-- Opening Marker --

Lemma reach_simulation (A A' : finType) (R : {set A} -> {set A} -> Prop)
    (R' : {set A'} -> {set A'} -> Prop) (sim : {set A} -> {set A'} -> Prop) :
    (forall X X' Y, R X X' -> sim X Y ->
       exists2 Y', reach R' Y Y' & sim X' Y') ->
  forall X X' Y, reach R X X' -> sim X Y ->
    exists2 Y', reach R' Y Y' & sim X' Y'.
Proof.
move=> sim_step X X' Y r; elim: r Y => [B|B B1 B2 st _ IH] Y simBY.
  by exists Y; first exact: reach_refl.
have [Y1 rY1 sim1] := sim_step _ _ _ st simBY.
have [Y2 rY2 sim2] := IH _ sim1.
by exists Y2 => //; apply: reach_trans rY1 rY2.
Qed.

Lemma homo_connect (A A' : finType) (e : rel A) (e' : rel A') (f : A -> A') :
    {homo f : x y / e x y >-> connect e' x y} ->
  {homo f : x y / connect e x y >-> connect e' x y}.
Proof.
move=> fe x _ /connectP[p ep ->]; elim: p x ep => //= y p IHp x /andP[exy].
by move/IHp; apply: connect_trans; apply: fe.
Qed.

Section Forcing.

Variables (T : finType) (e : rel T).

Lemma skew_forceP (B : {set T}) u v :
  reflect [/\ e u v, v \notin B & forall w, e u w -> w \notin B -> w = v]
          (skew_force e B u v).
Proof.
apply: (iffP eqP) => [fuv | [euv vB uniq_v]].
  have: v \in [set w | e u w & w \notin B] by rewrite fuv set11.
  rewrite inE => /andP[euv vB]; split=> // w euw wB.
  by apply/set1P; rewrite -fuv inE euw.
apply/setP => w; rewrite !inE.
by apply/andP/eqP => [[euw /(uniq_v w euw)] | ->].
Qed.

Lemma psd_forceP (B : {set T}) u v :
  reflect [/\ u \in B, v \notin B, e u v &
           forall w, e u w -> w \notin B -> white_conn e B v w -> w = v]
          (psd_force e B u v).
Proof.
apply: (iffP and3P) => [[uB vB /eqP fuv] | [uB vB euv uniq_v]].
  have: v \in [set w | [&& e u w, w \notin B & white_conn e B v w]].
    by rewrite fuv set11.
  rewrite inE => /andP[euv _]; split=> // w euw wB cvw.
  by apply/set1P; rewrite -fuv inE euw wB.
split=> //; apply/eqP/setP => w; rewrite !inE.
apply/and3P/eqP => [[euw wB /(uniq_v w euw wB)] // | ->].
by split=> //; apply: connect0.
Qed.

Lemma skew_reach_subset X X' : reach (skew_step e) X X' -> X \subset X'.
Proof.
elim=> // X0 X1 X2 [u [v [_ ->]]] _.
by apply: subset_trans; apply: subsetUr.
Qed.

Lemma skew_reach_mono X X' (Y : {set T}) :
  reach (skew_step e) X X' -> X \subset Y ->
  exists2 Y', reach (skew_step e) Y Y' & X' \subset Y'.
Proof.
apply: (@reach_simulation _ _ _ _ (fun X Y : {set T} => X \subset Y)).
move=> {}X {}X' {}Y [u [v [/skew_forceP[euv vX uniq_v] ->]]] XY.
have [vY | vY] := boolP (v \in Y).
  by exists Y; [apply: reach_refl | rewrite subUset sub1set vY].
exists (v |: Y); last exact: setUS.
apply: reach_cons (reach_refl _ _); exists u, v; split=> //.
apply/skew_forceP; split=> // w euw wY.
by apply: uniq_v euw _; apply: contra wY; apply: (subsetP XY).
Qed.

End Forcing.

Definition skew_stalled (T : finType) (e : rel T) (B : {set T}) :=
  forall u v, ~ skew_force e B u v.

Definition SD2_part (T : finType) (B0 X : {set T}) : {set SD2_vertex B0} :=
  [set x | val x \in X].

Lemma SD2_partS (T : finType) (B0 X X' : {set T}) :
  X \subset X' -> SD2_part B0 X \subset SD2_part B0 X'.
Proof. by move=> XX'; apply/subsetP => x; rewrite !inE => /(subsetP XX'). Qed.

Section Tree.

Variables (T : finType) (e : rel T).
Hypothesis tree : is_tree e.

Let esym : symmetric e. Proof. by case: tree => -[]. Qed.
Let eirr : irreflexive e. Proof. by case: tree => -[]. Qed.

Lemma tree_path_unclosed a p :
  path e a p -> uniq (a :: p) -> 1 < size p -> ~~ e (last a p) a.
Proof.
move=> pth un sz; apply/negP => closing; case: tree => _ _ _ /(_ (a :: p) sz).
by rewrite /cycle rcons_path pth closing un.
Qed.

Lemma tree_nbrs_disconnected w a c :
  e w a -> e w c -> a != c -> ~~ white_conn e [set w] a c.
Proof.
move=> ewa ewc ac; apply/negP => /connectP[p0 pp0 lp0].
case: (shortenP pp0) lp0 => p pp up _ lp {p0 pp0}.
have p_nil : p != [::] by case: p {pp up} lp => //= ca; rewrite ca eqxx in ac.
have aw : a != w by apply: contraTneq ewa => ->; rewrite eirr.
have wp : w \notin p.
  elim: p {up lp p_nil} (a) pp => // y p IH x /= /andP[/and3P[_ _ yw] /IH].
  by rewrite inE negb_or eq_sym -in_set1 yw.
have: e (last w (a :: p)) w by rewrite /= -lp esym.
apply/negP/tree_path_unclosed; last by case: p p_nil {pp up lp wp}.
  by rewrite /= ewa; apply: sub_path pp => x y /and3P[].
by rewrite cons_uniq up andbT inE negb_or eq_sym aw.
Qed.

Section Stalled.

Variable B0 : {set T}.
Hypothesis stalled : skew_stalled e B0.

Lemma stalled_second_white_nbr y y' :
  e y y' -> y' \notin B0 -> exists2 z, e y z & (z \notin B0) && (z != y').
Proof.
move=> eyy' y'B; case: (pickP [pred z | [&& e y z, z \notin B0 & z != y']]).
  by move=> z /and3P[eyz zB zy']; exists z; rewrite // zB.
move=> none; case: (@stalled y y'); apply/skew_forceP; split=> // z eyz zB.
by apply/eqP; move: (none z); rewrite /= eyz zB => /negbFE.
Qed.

-- Closing Marker --

[Work to be completed] Whenever a line in the listing above includes the word "finType", return that line.

[Solution to this exercise]
Lemma reach_simulation (A A' : finType) (R : {set A} -> {set A} -> Prop)
Lemma homo_connect (A A' : finType) (e : rel A) (e' : rel A') (f : A -> A') :
Variables (T : finType) (e : rel T).
Definition skew_stalled (T : finType) (e : rel T) (B : {set T}) :=
Definition SD2_part (T : finType) (B0 X : {set T}) : {set SD2_vertex B0} :=
Lemma SD2_partS (T : finType) (B0 X X' : {set T}) :
Variables (T : finType) (e : rel T).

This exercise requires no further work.